--- DIRECTIONS ---
Find the string "filter" in the records. Copy each line that has it.

=== Section Start ===

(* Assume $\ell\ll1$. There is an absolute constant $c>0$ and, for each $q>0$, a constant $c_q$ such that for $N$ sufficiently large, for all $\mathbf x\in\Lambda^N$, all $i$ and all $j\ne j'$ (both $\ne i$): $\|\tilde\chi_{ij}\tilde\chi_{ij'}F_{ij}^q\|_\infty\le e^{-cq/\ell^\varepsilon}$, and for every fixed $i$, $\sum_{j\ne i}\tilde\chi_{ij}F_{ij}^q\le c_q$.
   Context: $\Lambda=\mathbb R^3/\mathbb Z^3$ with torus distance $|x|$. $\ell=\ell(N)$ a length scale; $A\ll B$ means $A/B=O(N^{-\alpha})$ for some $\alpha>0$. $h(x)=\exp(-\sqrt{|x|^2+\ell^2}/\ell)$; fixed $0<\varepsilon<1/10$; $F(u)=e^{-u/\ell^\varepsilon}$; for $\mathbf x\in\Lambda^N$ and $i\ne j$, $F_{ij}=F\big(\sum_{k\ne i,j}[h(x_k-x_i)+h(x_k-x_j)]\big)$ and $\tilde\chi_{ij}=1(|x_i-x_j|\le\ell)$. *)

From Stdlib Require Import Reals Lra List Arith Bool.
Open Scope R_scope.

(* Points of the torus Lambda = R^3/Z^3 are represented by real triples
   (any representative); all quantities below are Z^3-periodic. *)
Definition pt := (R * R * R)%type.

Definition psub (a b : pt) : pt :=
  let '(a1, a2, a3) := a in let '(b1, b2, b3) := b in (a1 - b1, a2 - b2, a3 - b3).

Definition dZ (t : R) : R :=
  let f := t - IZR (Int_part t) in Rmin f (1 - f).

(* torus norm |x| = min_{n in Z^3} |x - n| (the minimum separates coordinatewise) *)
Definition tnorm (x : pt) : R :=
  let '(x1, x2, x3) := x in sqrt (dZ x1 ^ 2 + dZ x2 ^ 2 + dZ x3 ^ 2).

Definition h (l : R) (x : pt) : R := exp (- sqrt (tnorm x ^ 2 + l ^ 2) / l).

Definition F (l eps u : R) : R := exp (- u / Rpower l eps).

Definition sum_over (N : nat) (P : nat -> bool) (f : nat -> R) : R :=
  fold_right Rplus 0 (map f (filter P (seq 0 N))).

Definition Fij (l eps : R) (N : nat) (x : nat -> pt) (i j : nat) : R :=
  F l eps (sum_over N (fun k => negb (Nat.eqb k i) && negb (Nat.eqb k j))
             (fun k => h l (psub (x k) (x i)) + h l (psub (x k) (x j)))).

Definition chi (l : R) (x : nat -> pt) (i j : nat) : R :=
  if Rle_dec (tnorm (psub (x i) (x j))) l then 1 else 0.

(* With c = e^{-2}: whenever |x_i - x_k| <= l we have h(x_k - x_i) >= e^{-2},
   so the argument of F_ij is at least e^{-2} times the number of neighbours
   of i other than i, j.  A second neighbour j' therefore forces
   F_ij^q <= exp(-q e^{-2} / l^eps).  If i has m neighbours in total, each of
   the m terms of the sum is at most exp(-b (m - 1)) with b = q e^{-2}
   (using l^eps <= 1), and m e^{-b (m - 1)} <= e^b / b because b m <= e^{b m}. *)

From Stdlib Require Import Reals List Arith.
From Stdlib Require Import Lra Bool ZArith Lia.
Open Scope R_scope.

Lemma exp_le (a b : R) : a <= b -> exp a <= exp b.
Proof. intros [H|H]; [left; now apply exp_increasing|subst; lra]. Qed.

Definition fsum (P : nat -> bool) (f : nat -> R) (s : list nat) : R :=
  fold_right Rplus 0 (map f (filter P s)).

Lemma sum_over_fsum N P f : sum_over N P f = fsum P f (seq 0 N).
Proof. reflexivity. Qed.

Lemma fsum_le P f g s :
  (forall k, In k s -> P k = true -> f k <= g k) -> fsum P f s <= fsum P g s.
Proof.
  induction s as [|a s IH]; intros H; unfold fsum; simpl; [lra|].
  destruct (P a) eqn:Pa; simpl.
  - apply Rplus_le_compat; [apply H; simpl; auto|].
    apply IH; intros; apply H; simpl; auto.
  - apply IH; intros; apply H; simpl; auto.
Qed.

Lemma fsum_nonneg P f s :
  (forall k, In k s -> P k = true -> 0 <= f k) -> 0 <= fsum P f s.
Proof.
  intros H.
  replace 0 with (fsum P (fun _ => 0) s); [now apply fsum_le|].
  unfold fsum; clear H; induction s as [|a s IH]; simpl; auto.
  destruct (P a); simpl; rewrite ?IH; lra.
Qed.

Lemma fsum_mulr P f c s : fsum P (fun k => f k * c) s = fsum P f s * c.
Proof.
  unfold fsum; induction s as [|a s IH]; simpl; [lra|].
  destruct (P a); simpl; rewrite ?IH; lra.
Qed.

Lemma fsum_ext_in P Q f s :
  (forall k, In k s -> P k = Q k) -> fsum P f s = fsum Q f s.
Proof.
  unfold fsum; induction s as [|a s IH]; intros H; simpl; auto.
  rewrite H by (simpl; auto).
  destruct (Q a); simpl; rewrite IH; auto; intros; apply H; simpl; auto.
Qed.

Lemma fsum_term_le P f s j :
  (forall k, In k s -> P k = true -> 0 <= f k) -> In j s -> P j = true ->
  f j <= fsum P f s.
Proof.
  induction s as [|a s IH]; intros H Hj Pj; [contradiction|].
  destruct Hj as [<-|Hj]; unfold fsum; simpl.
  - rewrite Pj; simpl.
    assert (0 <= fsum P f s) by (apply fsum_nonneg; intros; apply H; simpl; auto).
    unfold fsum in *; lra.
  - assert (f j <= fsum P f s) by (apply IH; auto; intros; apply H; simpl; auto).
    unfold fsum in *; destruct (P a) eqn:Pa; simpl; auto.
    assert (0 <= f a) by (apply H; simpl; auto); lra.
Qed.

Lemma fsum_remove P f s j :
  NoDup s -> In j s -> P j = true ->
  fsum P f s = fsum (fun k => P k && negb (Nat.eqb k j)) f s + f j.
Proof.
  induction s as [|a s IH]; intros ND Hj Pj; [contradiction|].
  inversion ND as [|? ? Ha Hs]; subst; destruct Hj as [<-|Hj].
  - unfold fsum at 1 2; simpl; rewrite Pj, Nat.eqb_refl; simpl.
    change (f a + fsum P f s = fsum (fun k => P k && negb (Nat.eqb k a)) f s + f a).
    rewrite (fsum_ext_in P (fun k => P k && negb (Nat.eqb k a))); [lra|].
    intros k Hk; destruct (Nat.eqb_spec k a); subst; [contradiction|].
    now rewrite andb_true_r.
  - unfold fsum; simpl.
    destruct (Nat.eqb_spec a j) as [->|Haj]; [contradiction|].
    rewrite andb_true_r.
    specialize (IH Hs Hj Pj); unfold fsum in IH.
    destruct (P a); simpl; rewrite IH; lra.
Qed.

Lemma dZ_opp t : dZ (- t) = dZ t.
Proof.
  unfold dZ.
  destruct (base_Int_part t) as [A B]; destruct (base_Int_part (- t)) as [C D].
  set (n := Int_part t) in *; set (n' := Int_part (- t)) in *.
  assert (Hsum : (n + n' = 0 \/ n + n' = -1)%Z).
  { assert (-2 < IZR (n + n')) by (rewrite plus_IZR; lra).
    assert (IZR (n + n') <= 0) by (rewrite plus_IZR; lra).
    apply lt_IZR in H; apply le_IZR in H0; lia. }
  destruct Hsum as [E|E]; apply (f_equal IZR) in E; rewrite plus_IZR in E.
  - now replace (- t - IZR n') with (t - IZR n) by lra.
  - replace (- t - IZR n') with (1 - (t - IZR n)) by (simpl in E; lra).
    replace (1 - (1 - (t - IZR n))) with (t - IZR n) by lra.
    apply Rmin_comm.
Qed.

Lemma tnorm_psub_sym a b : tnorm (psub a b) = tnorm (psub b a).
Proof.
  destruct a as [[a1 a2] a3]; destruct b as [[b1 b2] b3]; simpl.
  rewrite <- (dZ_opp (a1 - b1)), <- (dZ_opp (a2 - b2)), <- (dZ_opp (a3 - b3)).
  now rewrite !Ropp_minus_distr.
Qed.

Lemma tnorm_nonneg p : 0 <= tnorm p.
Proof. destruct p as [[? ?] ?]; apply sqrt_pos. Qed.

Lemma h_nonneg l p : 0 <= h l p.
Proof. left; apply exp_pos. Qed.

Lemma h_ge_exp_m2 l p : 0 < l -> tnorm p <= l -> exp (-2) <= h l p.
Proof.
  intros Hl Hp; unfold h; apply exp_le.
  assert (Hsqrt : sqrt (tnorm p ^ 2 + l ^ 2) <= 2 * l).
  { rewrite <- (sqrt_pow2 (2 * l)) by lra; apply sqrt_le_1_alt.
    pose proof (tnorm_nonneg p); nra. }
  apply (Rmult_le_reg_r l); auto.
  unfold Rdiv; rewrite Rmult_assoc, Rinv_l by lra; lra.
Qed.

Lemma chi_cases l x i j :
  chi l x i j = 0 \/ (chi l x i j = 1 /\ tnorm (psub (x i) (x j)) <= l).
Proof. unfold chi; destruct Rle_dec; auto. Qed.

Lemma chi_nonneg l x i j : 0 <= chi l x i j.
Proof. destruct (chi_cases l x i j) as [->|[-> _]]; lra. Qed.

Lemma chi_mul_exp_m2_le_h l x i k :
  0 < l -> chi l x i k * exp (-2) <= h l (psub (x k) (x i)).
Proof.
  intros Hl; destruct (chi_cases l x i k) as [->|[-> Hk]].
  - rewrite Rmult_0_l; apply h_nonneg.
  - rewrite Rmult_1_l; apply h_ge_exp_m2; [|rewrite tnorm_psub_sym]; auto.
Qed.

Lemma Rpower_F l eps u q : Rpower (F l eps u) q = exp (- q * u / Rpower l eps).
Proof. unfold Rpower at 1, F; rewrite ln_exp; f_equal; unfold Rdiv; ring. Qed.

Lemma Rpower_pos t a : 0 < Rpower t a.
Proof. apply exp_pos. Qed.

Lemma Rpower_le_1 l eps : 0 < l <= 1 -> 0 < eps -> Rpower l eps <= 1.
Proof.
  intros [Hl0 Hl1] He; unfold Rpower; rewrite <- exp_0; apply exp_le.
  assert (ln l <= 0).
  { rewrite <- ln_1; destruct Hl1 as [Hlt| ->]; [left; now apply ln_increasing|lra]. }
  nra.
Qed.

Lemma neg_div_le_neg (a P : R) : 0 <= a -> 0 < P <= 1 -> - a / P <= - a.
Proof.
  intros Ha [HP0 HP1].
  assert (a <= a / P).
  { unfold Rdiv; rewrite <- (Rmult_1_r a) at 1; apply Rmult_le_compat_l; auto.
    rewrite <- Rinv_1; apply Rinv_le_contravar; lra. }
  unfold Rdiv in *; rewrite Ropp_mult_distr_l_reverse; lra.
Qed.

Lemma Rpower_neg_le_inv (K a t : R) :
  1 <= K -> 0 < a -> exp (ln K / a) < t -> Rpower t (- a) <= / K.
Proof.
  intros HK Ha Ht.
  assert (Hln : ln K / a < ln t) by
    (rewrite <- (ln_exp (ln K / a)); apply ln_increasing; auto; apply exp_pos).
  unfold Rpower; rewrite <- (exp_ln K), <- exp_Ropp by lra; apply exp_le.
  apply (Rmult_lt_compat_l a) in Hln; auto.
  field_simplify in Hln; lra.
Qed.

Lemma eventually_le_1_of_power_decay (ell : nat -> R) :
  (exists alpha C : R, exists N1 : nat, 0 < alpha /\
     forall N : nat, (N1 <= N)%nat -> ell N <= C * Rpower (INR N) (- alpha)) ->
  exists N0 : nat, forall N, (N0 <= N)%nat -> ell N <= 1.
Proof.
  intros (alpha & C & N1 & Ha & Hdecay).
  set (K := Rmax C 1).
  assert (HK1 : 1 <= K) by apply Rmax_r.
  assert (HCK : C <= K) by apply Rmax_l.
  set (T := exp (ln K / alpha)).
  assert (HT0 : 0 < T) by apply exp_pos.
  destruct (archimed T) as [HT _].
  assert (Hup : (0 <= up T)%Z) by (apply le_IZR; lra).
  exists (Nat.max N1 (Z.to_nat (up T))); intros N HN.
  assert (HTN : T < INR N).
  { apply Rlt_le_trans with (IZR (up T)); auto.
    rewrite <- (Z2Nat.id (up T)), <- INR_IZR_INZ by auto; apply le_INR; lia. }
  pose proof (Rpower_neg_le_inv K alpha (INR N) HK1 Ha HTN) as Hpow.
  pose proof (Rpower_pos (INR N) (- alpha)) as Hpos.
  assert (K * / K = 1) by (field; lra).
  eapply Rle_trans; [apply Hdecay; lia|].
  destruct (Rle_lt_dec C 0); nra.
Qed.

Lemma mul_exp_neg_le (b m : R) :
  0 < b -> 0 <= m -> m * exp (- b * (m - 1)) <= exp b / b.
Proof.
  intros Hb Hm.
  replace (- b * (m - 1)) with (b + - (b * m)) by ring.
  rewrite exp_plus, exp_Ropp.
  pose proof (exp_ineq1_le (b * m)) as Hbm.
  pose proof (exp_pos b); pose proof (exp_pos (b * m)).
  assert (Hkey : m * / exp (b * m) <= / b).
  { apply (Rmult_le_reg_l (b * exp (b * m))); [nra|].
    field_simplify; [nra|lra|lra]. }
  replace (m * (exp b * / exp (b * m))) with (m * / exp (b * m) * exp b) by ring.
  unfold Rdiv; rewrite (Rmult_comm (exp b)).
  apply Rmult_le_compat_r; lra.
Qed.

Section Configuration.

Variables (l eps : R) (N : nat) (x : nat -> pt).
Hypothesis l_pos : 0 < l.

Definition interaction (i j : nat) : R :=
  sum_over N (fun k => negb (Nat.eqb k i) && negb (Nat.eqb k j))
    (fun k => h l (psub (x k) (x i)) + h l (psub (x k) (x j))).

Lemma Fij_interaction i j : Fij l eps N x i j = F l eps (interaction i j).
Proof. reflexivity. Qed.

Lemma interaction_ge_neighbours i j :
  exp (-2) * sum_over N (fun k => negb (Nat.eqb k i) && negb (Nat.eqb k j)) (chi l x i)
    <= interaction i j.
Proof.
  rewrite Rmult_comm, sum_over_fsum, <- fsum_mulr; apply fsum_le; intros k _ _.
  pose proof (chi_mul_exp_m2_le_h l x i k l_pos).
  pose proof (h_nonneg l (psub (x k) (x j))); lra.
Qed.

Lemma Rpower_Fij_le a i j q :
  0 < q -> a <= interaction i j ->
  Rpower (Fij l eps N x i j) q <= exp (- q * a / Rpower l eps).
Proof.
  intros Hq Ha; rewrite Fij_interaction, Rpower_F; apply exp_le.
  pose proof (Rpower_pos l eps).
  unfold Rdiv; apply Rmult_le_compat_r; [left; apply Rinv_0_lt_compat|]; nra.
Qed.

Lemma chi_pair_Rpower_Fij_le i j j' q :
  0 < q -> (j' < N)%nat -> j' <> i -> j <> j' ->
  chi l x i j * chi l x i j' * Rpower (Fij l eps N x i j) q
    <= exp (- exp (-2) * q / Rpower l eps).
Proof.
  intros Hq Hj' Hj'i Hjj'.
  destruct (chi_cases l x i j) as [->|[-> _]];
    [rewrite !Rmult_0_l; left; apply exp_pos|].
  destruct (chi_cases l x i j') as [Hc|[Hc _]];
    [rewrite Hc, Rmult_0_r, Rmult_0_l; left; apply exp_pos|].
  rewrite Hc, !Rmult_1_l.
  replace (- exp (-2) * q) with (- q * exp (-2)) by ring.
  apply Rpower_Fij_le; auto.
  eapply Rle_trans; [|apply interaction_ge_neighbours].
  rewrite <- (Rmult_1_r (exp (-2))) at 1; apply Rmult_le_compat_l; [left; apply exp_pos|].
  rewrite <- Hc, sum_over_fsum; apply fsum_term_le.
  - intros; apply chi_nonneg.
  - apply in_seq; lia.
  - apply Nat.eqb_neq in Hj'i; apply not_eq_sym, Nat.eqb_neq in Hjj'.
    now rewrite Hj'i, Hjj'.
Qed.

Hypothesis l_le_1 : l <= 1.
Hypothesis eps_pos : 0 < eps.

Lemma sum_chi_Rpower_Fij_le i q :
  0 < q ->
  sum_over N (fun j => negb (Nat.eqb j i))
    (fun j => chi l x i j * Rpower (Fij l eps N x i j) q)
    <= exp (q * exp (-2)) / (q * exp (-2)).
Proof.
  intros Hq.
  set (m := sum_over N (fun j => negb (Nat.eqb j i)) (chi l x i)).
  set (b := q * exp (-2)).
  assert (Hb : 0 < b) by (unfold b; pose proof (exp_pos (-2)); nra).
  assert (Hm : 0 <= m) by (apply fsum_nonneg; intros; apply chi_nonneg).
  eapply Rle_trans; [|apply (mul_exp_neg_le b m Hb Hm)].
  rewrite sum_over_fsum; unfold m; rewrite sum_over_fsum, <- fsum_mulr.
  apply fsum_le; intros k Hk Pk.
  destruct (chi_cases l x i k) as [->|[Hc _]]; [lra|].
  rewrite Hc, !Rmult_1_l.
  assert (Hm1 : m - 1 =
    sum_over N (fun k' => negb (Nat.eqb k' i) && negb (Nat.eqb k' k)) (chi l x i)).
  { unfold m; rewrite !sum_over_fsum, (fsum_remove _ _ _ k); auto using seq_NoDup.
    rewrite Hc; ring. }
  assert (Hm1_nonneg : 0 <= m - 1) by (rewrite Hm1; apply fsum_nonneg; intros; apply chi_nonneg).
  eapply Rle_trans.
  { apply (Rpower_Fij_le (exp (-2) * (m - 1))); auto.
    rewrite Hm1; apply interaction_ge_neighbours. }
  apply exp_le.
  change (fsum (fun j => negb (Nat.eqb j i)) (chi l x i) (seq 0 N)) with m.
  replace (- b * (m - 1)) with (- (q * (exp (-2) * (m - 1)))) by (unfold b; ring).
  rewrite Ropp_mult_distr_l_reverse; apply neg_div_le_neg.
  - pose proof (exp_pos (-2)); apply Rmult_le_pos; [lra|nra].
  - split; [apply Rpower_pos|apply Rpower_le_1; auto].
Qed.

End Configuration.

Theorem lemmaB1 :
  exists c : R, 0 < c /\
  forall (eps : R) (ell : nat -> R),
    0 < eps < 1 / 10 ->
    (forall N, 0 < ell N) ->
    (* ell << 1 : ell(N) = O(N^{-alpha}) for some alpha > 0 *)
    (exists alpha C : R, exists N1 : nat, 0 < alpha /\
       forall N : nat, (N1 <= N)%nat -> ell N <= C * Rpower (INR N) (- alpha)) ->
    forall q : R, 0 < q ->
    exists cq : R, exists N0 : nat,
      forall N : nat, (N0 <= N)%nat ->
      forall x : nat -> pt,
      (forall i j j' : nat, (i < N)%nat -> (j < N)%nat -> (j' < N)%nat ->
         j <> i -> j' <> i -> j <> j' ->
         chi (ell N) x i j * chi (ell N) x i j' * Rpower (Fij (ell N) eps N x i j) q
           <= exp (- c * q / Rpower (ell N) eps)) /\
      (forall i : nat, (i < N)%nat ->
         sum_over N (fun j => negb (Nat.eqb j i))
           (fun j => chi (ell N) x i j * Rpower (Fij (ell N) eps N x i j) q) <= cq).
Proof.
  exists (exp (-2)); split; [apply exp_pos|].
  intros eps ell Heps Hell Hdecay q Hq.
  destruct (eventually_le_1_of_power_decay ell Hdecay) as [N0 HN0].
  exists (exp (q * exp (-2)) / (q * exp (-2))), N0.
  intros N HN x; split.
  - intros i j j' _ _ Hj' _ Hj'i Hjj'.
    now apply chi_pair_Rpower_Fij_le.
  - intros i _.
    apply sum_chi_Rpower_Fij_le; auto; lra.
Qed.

=== Section End ===
=== Section Start ===

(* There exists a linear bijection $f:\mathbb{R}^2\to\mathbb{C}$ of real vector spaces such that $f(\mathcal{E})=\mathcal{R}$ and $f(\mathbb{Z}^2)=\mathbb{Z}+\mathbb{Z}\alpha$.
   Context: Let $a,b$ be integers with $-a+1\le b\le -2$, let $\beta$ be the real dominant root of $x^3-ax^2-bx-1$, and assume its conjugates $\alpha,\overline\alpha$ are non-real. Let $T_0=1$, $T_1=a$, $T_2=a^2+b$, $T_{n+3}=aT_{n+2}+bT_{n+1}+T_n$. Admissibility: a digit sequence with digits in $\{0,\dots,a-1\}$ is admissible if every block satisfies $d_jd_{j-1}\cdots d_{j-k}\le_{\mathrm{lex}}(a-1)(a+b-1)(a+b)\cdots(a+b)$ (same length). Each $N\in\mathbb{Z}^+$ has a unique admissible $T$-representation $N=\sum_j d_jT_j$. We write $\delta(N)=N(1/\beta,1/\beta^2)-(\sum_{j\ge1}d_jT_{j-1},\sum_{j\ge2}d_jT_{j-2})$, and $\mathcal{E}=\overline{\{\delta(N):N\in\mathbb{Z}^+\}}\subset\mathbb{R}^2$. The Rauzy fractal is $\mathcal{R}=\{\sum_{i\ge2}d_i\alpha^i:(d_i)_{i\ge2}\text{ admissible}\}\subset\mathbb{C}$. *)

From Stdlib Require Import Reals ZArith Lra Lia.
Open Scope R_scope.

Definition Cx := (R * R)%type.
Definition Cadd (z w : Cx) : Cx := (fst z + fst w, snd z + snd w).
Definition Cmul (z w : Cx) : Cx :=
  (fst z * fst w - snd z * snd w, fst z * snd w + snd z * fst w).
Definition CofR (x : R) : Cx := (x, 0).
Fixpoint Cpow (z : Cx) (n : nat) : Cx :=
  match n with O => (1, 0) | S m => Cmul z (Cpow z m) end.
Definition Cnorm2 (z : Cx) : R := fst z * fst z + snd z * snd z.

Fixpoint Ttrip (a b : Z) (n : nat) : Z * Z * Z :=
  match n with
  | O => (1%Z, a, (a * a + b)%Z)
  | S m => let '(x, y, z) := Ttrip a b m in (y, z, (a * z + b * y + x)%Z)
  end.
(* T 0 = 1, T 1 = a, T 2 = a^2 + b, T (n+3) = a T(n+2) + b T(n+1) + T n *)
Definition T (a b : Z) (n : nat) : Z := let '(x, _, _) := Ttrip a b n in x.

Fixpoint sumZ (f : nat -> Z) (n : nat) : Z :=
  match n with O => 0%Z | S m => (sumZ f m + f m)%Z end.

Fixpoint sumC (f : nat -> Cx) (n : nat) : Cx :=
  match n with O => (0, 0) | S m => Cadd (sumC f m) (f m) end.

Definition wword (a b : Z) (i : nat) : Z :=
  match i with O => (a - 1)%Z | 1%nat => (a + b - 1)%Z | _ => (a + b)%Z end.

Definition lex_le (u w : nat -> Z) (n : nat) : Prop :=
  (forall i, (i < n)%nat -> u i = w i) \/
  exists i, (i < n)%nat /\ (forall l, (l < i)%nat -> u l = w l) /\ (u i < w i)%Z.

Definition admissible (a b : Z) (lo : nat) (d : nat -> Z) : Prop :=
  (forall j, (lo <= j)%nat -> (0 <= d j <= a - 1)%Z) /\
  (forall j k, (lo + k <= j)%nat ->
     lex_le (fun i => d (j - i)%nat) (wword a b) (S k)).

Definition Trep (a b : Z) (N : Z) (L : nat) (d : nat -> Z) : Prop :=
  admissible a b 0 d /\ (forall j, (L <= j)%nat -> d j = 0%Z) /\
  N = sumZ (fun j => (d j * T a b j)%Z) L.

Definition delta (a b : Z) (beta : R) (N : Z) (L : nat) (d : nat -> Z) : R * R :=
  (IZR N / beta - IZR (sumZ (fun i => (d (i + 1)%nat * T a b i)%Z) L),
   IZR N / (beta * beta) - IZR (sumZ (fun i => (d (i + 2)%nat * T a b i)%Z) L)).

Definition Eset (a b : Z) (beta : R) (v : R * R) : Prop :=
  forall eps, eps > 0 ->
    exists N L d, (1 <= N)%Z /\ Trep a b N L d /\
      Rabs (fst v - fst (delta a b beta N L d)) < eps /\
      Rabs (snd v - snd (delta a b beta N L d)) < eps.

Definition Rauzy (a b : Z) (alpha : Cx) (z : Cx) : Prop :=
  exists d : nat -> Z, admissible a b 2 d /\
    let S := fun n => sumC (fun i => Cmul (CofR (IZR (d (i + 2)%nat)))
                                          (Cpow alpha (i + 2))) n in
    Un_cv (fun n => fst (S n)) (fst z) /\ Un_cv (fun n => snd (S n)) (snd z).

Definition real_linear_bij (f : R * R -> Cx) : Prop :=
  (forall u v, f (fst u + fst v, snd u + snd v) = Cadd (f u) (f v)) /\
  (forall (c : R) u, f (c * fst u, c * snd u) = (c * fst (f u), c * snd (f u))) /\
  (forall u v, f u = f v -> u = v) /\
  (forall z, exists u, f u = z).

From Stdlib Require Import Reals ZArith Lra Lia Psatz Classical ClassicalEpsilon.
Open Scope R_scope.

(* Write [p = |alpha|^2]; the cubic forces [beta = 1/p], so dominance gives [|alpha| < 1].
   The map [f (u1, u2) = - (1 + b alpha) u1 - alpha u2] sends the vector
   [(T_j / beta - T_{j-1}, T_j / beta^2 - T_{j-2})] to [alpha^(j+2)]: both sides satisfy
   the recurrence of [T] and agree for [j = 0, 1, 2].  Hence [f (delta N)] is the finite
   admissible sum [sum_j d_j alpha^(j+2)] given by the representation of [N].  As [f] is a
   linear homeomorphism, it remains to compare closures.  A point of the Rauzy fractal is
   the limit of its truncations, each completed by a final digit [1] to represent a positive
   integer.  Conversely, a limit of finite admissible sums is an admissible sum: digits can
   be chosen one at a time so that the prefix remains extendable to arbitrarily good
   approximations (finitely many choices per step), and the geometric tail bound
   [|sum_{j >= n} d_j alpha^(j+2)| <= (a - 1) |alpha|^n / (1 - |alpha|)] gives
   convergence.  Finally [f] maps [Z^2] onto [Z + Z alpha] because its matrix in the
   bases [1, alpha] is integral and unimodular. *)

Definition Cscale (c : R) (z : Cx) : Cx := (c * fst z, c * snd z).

=== Section End ===

--- EXERCISE SOLUTION ---
  fold_right Rplus 0 (map f (filter P (seq 0 N))).
  fold_right Rplus 0 (map f (filter P s)).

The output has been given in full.